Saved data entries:
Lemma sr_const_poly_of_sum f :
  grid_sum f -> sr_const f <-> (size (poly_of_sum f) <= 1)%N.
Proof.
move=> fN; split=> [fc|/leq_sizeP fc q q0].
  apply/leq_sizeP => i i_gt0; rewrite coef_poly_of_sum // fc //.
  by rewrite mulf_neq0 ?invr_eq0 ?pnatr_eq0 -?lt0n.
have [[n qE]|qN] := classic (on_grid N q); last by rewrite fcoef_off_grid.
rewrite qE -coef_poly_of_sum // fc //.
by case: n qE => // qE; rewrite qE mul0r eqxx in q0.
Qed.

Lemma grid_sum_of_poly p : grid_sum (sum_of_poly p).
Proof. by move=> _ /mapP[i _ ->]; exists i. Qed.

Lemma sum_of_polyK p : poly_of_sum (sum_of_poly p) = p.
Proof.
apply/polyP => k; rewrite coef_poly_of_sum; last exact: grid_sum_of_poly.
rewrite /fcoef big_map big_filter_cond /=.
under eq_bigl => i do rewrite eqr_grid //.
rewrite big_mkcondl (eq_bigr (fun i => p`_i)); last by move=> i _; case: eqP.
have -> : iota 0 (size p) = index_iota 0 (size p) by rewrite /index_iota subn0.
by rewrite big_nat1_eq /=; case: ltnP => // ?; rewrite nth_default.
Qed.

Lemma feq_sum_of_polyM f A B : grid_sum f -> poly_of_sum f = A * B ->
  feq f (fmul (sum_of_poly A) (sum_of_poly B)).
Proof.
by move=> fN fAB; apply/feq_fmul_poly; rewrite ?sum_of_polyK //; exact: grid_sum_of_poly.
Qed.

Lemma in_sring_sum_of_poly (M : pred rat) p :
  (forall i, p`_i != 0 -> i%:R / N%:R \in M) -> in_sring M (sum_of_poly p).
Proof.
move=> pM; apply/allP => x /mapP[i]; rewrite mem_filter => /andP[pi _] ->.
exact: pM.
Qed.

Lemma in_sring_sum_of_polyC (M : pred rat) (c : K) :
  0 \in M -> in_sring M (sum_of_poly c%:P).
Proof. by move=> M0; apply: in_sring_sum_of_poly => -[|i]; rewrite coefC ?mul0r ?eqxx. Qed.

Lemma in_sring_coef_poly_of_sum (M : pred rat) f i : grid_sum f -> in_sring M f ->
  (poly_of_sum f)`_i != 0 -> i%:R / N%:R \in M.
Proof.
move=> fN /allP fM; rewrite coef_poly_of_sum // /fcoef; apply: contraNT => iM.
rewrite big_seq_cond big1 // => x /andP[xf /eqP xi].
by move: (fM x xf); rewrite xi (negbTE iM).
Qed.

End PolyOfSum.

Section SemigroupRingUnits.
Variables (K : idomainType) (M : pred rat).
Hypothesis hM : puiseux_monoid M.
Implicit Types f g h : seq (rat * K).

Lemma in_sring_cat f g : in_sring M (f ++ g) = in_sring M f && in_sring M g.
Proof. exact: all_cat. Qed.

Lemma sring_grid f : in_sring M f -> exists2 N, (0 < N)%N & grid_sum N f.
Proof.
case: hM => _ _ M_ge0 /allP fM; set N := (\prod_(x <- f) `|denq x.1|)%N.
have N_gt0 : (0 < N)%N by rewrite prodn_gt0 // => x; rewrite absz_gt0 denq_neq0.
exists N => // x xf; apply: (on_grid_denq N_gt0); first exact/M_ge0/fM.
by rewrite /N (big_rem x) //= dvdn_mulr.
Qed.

WORK REQUIRED:
All lines from the one with "have N_gt0 : (0" through the final line above are to be quoted exactly; quote no other line.

RESULT:
have N_gt0 : (0 < N)%N by rewrite prodn_gt0 // => x; rewrite absz_gt0 denq_neq0.
exists N => // x xf; apply: (on_grid_denq N_gt0); first exact/M_ge0/fM.
by rewrite /N (big_rem x) //= dvdn_mulr.
Qed.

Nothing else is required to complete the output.